TASK TO CARRY OUT:
Your reply should be an exact copy of the lines from the one that holds "assert (HL : forall" to the end of the data below.

==============================

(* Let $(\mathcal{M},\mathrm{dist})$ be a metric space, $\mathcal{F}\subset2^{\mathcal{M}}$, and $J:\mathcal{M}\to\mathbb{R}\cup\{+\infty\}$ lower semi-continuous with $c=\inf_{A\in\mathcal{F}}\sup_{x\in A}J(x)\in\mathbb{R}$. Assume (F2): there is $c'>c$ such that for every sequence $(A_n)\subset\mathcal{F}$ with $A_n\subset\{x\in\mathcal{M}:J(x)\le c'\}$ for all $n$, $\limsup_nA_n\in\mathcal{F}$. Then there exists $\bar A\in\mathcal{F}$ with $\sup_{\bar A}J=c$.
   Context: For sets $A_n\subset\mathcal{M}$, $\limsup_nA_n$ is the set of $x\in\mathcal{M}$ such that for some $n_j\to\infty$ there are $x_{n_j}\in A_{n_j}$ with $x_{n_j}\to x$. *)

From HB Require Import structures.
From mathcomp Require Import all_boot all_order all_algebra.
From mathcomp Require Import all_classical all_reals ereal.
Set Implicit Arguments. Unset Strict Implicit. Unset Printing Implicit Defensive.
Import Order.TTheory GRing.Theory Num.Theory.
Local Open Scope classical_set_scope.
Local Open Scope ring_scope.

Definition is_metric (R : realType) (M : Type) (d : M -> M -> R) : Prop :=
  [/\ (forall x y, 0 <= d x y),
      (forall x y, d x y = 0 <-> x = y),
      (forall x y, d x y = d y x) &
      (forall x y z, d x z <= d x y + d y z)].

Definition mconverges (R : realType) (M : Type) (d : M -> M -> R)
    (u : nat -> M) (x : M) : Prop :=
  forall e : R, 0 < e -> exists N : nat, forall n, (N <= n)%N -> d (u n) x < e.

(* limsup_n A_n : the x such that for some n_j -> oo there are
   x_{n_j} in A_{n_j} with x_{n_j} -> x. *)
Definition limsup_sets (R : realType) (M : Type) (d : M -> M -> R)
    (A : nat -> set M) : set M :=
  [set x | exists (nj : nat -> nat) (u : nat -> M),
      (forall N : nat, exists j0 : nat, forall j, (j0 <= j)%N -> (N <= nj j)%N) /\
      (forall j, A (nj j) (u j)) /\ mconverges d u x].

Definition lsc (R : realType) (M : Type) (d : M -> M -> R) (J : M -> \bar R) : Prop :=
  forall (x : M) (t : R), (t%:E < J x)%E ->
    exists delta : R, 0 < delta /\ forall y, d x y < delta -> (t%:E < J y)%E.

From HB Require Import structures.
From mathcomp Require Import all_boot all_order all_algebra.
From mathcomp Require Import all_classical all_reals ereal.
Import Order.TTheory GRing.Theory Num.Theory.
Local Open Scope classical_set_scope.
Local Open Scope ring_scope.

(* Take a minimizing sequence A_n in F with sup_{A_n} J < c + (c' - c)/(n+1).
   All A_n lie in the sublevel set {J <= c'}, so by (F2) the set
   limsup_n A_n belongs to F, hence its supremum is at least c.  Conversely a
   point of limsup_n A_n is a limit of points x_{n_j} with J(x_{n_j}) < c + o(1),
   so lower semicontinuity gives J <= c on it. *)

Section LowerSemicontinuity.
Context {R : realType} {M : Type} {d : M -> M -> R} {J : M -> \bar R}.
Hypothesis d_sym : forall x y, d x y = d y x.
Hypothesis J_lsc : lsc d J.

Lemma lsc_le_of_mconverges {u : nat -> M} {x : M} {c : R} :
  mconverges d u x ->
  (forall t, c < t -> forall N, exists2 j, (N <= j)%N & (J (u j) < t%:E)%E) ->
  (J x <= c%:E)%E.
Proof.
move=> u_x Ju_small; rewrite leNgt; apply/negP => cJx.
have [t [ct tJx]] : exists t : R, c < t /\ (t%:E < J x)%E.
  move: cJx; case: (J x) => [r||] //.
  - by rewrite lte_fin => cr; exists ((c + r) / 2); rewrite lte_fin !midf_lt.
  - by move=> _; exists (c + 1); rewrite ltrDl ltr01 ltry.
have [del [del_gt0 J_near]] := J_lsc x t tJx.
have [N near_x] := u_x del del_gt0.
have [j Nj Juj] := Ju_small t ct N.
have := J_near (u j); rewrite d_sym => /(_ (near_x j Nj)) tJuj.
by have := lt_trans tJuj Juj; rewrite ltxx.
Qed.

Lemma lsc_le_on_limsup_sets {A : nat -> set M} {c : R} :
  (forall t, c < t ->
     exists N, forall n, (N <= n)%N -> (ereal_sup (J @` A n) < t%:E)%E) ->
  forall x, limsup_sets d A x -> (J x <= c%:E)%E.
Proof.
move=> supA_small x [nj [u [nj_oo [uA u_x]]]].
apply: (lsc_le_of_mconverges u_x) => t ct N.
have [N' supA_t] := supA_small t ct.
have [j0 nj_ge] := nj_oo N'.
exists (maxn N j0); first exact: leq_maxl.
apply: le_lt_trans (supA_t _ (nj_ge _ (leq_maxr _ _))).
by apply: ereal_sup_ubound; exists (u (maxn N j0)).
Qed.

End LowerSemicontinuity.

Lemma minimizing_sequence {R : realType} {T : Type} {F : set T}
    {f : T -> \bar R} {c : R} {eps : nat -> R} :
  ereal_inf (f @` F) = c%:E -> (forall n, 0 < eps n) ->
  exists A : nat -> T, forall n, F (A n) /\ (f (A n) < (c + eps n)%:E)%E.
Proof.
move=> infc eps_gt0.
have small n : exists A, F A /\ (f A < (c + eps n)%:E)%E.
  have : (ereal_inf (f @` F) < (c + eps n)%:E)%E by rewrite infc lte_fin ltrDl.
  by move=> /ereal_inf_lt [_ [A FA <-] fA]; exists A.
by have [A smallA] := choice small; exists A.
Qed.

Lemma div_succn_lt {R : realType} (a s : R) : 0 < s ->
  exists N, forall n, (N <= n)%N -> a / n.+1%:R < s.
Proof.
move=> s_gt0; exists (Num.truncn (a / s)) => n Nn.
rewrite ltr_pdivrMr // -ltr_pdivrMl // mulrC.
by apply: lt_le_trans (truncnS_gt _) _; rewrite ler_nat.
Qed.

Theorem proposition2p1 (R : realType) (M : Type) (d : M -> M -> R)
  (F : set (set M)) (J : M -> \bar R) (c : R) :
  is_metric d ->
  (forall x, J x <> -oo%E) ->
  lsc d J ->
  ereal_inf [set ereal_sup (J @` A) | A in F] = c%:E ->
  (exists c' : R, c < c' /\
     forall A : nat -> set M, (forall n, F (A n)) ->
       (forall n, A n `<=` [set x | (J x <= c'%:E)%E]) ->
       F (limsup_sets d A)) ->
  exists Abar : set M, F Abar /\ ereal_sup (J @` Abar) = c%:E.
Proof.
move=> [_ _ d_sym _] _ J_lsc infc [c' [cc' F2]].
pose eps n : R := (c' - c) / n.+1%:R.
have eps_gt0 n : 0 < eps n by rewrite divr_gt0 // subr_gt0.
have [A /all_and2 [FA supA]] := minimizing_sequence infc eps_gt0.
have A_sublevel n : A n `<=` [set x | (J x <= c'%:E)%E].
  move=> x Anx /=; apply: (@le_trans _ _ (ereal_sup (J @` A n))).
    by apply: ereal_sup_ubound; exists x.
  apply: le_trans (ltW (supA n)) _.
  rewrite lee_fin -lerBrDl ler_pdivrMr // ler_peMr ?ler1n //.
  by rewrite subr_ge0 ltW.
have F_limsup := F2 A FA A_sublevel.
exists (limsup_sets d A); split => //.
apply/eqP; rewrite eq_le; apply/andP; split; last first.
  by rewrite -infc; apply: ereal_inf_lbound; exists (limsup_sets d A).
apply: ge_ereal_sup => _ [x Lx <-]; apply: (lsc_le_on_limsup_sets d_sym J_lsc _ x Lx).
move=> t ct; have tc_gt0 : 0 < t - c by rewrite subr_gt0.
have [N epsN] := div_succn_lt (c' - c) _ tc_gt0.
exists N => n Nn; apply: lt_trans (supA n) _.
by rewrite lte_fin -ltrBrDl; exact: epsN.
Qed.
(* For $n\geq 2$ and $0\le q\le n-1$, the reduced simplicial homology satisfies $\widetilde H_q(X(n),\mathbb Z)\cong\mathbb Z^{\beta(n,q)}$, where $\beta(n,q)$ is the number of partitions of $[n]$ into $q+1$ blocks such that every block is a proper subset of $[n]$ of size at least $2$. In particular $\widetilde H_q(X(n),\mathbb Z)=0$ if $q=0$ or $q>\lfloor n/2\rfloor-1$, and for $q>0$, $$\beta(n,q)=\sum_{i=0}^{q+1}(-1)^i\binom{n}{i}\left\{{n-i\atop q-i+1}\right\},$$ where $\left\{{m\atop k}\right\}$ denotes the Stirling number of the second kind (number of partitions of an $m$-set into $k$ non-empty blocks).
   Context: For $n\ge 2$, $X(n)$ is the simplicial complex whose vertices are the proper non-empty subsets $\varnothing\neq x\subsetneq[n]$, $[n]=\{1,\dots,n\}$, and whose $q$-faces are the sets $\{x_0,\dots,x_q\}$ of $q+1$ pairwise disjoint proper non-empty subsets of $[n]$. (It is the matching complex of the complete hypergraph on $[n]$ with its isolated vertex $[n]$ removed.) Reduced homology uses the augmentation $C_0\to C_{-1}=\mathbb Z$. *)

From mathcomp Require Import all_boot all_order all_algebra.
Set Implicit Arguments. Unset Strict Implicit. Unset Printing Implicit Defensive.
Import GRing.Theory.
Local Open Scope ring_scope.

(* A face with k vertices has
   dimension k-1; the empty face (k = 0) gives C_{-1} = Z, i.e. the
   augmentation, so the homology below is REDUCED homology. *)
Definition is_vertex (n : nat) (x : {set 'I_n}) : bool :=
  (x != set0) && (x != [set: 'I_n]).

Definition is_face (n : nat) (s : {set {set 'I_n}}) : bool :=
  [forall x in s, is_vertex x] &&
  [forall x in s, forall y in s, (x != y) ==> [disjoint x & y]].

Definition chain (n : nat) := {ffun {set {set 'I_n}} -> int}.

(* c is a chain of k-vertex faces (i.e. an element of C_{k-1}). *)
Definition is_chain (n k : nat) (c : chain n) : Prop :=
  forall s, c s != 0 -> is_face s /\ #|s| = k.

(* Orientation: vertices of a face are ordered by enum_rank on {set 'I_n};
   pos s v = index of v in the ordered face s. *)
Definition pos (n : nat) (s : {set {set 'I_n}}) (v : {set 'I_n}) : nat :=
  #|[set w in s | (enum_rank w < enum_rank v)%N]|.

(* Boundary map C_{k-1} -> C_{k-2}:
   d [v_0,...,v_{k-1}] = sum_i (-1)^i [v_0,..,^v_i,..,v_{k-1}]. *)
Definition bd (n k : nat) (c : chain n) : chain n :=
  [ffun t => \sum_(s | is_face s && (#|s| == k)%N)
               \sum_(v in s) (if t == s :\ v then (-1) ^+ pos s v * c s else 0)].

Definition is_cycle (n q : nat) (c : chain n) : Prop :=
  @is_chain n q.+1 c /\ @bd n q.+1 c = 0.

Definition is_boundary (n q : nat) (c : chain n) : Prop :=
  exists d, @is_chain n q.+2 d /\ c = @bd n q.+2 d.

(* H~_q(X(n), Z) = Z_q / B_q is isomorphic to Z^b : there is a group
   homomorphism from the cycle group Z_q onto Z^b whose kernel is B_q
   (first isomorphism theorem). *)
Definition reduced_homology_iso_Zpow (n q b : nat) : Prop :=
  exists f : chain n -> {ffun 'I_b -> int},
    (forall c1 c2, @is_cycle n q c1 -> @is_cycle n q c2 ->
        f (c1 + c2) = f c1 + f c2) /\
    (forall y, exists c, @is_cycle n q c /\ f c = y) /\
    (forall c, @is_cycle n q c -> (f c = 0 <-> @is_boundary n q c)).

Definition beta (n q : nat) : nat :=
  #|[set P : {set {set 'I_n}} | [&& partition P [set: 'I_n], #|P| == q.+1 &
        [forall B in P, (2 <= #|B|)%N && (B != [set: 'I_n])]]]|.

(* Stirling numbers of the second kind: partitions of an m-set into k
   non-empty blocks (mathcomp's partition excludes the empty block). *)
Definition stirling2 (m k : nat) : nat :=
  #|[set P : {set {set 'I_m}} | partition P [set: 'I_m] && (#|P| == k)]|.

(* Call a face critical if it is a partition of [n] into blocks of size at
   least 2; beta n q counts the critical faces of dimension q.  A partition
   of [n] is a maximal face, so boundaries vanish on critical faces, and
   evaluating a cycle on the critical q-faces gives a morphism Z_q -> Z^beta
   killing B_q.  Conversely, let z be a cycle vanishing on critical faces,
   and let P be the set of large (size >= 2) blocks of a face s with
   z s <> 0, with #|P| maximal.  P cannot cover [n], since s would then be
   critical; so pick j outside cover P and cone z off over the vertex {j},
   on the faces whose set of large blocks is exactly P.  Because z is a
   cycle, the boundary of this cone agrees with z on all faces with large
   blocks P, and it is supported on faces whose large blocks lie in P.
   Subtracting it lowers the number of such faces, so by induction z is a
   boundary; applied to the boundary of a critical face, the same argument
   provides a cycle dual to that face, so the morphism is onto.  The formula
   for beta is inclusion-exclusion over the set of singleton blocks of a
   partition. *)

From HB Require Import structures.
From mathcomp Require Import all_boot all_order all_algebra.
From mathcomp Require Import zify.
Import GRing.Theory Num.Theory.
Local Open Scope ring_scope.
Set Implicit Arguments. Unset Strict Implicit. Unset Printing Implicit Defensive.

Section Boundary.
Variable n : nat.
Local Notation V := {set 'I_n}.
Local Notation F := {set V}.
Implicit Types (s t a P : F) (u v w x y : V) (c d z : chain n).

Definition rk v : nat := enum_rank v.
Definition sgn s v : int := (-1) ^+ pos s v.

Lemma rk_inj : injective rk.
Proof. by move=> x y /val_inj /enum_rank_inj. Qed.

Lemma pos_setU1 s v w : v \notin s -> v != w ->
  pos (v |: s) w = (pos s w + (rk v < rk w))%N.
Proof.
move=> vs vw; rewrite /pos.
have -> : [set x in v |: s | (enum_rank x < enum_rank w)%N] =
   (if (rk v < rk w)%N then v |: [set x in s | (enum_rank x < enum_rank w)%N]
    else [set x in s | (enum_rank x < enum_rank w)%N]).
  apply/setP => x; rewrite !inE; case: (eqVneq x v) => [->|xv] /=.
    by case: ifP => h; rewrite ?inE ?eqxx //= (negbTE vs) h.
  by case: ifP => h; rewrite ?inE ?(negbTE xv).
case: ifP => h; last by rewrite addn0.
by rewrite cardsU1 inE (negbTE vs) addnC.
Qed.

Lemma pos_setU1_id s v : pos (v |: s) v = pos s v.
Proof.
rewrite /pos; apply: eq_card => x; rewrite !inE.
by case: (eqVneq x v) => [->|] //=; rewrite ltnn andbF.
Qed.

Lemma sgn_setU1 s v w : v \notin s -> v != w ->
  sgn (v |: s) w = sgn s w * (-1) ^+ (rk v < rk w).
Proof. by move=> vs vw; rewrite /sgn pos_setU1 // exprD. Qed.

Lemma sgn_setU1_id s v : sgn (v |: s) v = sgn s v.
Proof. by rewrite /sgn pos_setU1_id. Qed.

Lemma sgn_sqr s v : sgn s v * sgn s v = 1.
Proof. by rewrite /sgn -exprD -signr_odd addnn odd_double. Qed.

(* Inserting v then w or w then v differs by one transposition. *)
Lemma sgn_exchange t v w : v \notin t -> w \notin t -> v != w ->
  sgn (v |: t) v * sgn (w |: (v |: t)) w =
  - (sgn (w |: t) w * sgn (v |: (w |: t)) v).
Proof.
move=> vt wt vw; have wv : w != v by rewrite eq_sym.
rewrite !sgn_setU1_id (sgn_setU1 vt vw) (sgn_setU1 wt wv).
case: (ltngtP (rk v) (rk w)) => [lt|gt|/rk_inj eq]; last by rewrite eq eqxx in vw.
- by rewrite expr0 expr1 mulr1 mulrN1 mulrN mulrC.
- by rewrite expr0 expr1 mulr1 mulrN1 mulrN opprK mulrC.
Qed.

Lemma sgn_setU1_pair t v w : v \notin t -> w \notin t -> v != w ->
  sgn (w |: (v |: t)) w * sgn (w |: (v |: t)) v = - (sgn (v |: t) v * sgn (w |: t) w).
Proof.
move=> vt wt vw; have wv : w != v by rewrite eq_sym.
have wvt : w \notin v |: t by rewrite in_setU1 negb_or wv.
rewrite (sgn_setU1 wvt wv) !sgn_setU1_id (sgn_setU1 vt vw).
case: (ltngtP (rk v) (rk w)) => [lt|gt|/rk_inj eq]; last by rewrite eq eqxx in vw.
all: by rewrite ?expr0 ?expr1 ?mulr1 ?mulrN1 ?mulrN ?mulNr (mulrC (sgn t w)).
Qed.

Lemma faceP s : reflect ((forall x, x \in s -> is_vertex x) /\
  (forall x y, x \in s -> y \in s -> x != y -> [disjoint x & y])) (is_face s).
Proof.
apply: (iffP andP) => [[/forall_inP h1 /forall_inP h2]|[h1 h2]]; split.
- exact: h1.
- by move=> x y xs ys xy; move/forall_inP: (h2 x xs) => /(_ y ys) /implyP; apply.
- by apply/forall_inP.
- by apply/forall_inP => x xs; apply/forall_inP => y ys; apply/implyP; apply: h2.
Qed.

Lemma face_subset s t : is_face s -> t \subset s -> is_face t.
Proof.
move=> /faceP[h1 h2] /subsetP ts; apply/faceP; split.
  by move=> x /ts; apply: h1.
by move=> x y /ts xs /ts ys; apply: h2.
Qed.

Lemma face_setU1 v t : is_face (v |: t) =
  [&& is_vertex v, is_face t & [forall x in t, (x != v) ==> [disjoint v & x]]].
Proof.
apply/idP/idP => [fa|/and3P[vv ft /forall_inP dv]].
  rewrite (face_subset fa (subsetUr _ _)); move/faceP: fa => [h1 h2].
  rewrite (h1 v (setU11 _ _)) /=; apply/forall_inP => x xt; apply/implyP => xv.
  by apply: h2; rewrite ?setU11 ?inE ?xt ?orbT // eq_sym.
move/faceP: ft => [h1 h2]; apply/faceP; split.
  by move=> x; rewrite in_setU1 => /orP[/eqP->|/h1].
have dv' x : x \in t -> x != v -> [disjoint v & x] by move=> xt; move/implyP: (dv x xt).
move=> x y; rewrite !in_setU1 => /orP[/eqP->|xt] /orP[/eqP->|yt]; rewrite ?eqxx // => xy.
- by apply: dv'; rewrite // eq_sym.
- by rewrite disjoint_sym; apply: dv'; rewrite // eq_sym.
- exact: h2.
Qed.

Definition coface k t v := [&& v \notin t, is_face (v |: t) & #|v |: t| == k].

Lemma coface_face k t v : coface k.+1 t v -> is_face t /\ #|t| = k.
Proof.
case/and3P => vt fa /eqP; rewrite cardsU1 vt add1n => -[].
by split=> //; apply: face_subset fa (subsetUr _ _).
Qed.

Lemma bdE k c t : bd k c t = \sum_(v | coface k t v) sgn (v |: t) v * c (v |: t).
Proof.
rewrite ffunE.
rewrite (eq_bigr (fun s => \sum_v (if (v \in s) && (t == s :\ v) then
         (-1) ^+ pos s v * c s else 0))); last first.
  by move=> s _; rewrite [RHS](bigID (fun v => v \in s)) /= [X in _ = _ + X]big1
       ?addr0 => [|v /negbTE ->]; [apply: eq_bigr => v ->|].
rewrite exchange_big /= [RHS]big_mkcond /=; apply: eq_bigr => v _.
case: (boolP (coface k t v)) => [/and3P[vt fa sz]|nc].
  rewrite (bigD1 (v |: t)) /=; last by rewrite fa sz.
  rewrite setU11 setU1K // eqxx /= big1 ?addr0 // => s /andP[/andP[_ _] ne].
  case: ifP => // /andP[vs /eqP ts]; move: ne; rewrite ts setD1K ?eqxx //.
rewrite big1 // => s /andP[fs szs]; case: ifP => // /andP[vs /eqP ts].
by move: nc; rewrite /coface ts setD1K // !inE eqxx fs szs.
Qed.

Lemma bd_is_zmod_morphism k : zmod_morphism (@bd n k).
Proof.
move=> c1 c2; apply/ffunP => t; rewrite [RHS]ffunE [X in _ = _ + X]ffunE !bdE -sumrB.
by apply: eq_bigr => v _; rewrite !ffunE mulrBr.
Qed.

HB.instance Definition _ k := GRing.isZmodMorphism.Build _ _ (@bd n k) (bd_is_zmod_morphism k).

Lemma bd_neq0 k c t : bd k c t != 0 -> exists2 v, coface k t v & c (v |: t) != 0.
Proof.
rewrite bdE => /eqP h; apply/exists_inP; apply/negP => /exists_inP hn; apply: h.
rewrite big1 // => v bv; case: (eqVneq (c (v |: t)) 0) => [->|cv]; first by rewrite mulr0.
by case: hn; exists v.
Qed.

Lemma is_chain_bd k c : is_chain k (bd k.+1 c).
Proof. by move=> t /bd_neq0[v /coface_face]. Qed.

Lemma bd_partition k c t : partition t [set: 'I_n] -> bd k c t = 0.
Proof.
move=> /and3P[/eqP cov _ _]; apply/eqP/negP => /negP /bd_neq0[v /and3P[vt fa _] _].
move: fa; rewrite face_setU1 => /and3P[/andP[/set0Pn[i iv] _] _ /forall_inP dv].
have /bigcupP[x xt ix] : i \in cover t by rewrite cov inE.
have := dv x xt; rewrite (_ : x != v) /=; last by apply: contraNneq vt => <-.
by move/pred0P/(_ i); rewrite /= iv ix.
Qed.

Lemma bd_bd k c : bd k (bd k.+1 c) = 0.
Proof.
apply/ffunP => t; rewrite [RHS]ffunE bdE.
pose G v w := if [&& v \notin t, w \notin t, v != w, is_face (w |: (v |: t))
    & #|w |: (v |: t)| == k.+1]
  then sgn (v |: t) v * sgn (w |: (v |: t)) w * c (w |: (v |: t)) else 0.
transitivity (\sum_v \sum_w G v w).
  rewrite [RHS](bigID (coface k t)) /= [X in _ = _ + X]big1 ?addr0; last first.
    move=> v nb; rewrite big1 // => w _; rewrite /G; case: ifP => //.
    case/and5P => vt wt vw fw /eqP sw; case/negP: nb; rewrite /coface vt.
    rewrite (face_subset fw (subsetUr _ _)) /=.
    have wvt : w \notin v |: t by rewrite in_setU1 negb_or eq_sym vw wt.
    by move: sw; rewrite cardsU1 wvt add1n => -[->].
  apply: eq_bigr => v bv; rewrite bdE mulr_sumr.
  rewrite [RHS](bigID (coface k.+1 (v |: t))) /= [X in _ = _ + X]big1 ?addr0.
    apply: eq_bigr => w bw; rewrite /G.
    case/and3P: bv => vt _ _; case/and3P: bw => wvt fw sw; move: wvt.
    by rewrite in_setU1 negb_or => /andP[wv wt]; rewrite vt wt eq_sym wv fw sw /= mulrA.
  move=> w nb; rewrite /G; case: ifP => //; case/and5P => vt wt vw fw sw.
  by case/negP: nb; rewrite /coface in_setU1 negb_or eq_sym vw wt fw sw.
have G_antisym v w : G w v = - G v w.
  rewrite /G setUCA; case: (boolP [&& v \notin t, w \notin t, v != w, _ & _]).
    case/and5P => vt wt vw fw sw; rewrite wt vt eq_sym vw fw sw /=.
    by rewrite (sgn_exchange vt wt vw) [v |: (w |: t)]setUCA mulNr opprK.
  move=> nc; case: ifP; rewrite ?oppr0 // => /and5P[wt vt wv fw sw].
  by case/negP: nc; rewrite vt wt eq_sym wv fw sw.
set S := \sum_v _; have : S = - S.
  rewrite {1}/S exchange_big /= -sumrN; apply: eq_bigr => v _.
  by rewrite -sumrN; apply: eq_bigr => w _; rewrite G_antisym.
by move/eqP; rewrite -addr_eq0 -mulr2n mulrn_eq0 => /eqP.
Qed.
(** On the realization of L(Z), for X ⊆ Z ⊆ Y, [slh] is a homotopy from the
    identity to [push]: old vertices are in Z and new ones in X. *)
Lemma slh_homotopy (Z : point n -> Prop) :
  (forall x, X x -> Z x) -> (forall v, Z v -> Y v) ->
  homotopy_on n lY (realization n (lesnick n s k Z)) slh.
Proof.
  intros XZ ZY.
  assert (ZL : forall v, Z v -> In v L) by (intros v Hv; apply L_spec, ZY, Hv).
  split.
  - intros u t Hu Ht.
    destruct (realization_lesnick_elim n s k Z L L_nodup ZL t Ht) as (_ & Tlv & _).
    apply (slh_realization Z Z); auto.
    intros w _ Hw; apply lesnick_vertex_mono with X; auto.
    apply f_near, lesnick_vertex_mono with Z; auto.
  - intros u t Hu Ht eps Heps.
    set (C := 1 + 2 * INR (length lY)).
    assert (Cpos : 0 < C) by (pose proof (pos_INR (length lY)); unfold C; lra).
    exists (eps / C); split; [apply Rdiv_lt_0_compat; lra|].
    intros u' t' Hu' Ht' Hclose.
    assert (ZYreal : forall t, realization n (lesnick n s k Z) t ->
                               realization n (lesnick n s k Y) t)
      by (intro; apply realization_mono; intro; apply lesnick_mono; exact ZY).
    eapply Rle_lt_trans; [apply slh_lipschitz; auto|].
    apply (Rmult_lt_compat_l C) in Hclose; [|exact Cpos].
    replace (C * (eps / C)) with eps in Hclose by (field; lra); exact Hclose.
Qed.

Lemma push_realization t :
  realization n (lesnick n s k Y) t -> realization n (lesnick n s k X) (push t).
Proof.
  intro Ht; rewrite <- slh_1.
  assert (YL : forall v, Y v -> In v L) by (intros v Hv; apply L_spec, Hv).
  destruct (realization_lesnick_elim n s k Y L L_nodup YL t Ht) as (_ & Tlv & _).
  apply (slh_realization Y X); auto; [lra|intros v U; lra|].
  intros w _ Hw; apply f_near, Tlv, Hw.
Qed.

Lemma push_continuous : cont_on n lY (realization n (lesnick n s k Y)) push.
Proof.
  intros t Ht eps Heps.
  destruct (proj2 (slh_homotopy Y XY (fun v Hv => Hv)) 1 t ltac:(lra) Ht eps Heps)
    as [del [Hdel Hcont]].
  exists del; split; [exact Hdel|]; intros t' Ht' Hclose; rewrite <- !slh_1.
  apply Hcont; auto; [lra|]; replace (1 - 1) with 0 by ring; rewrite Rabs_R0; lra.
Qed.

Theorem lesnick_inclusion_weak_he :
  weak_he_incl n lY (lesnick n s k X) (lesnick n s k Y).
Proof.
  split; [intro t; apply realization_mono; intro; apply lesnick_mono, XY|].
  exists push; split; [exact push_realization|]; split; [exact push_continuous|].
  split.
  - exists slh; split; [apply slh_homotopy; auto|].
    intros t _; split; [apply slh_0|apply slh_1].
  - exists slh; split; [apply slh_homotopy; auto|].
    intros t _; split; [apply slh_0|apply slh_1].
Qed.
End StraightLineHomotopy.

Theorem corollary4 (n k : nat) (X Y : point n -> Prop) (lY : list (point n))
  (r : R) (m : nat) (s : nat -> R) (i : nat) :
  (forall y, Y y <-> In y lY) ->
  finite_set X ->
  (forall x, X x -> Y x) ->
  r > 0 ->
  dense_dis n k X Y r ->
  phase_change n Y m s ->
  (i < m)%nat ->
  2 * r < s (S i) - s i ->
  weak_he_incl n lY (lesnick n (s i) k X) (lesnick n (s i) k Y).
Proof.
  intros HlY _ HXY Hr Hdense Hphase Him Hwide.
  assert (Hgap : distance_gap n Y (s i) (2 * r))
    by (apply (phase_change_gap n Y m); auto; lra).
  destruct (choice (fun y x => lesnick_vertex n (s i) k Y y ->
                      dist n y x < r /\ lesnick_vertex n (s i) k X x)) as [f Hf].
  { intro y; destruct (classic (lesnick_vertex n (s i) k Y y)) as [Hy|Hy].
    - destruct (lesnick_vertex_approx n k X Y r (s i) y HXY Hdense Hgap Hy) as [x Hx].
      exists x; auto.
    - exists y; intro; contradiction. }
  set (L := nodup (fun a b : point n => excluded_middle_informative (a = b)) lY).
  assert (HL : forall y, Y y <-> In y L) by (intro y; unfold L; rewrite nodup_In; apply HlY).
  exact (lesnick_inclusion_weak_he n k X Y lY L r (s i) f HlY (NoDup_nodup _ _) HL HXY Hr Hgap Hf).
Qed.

==============================

RESPONSE BOX:
  assert (HL : forall y, Y y <-> In y L) by (intro y; unfold L; rewrite nodup_In; apply HlY).
  exact (lesnick_inclusion_weak_he n k X Y lY L r (s i) f HlY (NoDup_nodup _ _) HL HXY Hr Hgap Hf).
Qed.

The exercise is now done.